What this task involves >>
Only lines with the string "below" are wanted. Pull them out of the data.

Task data >>
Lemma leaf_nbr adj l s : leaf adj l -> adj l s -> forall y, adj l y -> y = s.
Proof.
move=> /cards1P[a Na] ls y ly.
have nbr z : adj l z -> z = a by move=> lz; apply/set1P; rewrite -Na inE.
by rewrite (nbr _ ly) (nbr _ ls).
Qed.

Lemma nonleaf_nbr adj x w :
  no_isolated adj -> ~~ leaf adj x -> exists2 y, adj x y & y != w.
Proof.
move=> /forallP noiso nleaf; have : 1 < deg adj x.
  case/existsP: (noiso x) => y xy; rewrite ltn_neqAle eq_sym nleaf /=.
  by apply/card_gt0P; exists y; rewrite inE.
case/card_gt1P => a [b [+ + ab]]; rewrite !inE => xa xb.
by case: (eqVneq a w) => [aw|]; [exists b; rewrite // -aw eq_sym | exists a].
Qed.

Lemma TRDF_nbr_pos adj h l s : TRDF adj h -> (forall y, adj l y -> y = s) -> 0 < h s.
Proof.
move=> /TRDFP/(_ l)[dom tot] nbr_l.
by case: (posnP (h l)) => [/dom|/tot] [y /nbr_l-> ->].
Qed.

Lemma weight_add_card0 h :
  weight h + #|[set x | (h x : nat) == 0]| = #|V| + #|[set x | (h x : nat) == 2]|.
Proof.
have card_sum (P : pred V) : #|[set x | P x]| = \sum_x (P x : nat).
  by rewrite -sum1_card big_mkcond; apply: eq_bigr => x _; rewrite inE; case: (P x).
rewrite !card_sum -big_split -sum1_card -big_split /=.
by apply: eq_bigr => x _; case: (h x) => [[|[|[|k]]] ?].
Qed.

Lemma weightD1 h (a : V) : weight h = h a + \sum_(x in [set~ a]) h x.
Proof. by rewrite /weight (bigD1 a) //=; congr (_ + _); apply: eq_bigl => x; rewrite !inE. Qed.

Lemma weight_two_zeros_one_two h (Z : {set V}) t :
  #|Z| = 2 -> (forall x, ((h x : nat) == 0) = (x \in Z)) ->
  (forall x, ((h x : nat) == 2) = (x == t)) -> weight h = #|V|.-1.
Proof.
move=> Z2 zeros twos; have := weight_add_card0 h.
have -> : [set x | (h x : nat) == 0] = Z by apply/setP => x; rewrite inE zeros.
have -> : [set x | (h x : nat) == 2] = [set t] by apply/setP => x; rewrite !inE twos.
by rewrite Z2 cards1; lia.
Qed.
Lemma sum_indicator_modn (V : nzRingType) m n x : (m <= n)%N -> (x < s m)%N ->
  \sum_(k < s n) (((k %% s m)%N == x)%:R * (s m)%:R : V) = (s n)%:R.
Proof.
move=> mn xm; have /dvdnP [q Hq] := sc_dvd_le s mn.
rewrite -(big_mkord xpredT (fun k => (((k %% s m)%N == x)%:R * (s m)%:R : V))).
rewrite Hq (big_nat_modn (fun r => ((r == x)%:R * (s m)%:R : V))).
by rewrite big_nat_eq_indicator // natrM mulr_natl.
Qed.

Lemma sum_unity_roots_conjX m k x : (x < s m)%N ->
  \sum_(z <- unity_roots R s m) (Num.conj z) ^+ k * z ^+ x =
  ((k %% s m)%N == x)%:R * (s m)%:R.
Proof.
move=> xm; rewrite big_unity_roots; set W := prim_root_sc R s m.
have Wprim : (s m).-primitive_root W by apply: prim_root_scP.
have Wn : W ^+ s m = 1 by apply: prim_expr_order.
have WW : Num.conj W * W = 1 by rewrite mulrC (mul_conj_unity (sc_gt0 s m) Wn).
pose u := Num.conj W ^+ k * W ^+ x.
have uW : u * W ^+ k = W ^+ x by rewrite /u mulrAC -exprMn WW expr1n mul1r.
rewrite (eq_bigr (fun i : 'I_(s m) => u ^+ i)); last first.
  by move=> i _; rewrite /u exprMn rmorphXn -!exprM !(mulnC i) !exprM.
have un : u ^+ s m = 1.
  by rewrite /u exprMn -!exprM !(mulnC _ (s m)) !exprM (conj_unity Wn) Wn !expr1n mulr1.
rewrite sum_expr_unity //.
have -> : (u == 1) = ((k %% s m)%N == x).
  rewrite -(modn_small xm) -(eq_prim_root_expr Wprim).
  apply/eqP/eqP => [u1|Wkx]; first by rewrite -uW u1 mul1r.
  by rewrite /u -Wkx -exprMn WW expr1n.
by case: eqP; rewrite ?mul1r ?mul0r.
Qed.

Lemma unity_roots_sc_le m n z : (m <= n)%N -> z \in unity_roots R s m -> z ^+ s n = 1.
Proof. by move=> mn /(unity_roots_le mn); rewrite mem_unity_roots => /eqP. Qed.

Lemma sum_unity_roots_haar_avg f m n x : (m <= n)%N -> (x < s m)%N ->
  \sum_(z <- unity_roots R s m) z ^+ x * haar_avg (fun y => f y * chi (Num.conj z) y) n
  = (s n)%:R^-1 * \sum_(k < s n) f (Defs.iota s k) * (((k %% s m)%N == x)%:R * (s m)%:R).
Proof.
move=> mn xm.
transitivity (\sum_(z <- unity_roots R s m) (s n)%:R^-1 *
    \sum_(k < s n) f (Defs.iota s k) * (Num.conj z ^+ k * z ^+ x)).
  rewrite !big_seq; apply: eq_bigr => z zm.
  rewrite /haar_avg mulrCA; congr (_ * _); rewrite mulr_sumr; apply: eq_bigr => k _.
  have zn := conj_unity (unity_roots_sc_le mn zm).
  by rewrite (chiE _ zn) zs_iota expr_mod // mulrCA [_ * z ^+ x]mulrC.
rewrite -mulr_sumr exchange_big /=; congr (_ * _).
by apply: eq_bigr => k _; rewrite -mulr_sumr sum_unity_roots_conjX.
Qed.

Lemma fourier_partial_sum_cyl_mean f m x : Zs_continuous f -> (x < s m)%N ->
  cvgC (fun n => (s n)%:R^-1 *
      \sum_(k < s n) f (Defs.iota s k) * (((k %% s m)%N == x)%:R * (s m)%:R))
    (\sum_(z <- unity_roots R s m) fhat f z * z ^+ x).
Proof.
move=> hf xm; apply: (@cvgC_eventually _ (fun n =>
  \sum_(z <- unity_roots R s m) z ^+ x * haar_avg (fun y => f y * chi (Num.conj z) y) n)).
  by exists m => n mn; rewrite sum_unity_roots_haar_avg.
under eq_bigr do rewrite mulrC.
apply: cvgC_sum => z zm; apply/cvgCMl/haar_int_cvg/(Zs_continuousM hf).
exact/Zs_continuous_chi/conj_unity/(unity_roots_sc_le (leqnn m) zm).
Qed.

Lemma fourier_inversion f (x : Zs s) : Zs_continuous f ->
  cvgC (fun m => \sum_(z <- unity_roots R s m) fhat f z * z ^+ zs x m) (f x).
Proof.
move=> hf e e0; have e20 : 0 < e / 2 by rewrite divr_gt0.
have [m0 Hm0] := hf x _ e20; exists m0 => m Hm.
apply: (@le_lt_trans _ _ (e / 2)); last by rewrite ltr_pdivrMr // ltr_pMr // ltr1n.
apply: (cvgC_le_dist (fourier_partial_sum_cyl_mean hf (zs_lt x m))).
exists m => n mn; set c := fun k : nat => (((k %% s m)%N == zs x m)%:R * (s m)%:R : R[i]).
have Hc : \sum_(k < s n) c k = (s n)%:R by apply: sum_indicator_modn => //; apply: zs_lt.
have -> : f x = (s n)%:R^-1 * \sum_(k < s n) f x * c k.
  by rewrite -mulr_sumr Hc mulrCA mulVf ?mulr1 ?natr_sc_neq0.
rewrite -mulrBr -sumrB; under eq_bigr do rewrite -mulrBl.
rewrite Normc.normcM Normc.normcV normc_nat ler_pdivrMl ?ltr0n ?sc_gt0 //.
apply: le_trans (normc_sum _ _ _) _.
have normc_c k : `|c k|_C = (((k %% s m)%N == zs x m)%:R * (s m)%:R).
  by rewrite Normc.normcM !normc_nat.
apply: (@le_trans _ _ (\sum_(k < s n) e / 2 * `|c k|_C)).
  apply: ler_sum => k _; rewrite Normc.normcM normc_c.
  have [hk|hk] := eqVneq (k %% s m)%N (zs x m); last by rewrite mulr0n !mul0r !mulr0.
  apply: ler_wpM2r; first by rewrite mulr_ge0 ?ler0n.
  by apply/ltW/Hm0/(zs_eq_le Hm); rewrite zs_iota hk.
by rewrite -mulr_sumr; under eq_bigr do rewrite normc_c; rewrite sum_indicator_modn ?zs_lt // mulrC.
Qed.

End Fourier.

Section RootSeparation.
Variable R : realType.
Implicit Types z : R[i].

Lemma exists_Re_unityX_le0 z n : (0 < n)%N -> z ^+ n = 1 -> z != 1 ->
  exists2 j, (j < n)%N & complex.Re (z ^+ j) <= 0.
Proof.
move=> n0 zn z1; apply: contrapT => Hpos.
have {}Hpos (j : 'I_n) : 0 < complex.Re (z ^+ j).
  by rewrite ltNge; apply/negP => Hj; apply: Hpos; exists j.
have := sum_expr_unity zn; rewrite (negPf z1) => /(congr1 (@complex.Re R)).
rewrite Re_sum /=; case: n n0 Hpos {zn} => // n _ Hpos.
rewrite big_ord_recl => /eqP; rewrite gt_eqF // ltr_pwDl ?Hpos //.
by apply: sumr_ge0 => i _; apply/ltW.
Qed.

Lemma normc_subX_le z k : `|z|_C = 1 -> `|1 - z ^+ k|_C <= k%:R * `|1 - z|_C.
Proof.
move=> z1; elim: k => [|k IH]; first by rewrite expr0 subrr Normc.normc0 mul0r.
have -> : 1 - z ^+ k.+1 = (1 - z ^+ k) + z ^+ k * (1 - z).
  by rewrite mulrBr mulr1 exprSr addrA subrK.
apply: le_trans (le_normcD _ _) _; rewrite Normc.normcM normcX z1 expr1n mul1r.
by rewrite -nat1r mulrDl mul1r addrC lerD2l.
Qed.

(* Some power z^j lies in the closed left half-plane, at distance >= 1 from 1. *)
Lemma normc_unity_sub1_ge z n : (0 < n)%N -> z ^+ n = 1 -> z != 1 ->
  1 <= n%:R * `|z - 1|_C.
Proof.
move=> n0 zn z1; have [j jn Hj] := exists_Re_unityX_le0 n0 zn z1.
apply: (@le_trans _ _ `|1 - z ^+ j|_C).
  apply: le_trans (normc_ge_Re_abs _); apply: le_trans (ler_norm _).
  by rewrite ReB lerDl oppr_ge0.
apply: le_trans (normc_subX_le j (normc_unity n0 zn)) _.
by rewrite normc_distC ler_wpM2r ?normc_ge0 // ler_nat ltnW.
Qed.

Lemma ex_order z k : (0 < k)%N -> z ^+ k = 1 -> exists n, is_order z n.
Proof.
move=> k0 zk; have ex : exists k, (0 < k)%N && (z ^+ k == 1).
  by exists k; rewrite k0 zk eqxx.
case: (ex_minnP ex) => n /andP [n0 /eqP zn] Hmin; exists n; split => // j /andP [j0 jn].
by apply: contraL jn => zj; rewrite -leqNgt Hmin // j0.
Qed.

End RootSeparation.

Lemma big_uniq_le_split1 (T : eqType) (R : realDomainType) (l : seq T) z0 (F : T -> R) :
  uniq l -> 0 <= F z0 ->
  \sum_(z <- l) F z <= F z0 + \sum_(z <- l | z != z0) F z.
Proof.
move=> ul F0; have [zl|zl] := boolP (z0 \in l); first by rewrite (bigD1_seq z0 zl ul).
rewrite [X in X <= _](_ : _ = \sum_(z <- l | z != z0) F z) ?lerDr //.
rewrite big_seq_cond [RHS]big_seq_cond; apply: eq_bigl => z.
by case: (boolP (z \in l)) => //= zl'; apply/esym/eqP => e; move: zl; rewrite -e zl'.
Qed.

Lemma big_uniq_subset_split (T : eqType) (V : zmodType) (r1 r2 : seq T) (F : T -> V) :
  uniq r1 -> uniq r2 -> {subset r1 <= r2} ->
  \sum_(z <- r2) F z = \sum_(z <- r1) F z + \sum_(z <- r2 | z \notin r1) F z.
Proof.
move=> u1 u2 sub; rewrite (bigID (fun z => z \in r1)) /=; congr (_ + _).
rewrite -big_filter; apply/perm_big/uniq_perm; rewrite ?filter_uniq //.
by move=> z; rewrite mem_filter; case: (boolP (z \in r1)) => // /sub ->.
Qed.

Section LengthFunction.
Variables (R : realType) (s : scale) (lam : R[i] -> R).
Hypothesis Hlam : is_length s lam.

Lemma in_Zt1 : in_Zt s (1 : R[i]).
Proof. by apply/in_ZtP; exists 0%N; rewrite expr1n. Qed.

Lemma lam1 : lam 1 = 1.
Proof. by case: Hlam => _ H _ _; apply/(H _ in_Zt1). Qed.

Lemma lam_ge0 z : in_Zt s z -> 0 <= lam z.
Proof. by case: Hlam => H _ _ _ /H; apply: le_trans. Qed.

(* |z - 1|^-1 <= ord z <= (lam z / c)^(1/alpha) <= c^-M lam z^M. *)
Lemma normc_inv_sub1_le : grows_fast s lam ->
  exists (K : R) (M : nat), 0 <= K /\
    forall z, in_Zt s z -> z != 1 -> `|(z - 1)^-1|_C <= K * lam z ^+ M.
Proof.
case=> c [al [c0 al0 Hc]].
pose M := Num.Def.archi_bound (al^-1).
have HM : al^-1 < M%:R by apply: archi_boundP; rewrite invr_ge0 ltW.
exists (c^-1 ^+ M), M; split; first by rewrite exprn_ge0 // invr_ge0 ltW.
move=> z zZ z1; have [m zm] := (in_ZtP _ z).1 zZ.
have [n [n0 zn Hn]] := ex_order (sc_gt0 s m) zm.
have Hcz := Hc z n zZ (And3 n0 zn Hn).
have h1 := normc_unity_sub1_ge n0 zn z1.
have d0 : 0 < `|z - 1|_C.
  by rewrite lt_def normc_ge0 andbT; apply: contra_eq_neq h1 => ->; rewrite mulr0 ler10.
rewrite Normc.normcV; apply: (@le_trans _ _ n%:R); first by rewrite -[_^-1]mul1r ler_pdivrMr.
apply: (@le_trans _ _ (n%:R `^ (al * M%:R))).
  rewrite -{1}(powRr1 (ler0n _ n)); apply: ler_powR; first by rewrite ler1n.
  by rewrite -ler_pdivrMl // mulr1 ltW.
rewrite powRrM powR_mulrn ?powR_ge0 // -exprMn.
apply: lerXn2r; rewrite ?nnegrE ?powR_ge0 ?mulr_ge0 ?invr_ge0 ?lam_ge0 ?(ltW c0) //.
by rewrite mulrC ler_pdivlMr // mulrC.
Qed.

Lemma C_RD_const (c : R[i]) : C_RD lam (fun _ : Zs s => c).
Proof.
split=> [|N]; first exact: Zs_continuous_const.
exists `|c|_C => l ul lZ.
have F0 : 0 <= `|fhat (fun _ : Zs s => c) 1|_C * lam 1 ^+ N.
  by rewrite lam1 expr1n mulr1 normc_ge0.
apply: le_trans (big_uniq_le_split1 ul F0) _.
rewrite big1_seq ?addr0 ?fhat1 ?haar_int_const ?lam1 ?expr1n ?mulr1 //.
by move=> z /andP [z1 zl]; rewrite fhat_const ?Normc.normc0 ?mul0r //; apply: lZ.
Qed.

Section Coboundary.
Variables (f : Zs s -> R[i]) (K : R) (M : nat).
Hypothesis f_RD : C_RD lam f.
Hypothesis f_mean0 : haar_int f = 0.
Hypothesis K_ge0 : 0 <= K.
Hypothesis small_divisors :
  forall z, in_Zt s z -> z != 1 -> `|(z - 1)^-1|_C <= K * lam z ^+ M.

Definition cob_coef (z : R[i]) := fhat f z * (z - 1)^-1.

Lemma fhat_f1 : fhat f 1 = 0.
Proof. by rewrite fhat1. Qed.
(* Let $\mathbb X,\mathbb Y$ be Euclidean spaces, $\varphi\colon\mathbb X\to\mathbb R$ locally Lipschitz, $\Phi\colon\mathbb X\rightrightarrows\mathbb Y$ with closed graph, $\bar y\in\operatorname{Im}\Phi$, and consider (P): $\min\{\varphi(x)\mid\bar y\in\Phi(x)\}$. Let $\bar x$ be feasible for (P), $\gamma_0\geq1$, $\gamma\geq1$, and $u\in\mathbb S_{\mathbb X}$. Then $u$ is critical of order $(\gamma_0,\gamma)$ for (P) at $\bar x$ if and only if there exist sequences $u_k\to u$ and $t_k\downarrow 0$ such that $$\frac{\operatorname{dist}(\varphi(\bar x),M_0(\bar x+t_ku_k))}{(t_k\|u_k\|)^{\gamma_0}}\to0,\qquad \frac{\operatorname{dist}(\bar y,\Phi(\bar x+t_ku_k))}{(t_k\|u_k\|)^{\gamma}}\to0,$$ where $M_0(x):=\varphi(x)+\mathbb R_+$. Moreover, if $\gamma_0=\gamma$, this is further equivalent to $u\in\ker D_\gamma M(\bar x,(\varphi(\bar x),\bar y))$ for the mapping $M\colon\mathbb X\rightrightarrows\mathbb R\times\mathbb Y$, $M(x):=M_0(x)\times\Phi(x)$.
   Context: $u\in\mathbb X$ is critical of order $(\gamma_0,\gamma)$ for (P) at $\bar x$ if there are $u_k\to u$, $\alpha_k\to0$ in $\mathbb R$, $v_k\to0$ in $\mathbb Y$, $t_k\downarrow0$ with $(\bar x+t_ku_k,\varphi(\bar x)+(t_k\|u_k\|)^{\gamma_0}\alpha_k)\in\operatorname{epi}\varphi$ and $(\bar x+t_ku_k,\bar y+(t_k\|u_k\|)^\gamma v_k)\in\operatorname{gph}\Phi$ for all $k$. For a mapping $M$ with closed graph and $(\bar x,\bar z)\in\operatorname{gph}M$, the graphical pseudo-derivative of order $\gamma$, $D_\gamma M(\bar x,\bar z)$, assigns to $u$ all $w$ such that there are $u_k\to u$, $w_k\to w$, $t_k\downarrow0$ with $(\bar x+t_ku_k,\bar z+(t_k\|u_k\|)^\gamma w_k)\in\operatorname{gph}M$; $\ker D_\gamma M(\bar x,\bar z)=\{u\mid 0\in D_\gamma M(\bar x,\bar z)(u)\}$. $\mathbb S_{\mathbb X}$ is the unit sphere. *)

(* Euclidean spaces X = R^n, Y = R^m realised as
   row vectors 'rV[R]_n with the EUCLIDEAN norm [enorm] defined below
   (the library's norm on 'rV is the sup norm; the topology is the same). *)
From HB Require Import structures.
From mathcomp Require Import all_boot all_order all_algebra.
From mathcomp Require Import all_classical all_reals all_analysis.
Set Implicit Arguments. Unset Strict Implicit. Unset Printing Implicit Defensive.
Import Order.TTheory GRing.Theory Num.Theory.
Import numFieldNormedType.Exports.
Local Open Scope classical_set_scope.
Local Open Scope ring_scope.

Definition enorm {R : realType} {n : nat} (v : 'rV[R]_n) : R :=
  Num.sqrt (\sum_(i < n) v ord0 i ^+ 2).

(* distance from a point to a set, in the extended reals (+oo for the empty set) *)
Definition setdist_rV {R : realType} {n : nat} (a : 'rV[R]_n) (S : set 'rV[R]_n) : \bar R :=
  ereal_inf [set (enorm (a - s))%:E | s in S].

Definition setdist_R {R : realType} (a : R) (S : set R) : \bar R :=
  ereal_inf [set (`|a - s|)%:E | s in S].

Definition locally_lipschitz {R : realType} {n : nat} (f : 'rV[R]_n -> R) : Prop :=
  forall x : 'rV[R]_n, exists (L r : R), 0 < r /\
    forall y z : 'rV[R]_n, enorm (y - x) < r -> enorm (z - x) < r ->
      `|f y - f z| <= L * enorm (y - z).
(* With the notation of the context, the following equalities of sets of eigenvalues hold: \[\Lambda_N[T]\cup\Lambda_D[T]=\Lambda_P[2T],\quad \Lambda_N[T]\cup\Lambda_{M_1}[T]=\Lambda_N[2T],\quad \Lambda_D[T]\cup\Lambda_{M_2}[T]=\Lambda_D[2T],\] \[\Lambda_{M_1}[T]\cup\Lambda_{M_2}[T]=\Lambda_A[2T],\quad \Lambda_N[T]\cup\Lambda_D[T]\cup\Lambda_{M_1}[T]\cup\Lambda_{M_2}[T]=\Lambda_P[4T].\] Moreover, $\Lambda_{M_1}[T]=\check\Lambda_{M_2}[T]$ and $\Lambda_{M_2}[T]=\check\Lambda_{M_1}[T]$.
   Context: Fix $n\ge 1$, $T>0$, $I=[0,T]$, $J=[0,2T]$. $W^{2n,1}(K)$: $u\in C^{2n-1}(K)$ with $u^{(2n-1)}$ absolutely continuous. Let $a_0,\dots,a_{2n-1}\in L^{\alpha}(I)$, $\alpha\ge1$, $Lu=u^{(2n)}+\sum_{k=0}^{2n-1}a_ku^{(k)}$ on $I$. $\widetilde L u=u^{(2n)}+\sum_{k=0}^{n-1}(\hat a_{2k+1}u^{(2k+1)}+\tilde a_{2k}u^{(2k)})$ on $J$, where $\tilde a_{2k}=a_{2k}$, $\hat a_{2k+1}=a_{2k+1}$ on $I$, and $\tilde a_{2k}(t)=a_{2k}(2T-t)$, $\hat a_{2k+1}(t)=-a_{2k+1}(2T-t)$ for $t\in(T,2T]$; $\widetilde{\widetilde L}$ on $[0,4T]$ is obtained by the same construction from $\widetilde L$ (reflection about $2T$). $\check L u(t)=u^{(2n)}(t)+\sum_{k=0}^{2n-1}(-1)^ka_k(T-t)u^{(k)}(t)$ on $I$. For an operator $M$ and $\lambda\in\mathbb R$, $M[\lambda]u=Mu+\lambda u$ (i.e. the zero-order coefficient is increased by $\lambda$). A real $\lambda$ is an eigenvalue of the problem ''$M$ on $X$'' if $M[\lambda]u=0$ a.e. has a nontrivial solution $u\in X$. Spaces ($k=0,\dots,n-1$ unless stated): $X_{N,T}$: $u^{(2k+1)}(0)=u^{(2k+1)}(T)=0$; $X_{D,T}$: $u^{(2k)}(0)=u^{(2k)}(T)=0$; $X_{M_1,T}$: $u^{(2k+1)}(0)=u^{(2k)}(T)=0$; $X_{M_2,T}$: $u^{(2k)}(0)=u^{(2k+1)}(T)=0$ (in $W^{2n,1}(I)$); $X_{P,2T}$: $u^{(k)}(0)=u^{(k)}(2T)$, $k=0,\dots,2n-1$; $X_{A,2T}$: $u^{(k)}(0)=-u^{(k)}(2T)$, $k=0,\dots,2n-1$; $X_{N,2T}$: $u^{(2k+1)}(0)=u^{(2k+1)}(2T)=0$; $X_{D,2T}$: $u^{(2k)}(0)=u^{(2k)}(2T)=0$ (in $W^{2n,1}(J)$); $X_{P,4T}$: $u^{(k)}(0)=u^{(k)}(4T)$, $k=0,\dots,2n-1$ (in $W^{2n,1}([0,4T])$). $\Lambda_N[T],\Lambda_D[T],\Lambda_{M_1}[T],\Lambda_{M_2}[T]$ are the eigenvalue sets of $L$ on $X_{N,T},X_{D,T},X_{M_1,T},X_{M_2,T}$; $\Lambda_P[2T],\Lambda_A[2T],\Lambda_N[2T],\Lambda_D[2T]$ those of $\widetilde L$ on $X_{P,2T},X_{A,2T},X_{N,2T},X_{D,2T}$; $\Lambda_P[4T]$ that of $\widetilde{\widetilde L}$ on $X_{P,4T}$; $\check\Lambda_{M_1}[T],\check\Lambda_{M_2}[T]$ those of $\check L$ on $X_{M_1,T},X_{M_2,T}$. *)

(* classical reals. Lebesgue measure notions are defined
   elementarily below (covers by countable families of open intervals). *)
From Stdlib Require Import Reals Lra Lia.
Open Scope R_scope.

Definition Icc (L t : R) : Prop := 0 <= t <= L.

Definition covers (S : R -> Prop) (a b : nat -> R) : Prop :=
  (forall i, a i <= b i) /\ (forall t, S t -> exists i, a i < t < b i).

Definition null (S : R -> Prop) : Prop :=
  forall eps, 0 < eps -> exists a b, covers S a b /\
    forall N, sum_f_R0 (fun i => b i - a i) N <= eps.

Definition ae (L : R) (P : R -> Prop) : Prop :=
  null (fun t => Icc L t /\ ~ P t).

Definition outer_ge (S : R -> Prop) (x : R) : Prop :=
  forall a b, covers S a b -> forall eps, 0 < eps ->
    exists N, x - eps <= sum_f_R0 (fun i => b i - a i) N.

Answer to this exercise >>
   row vectors 'rV[R]_n with the EUCLIDEAN norm [enorm] defined below
   elementarily below (covers by countable families of open intervals). *)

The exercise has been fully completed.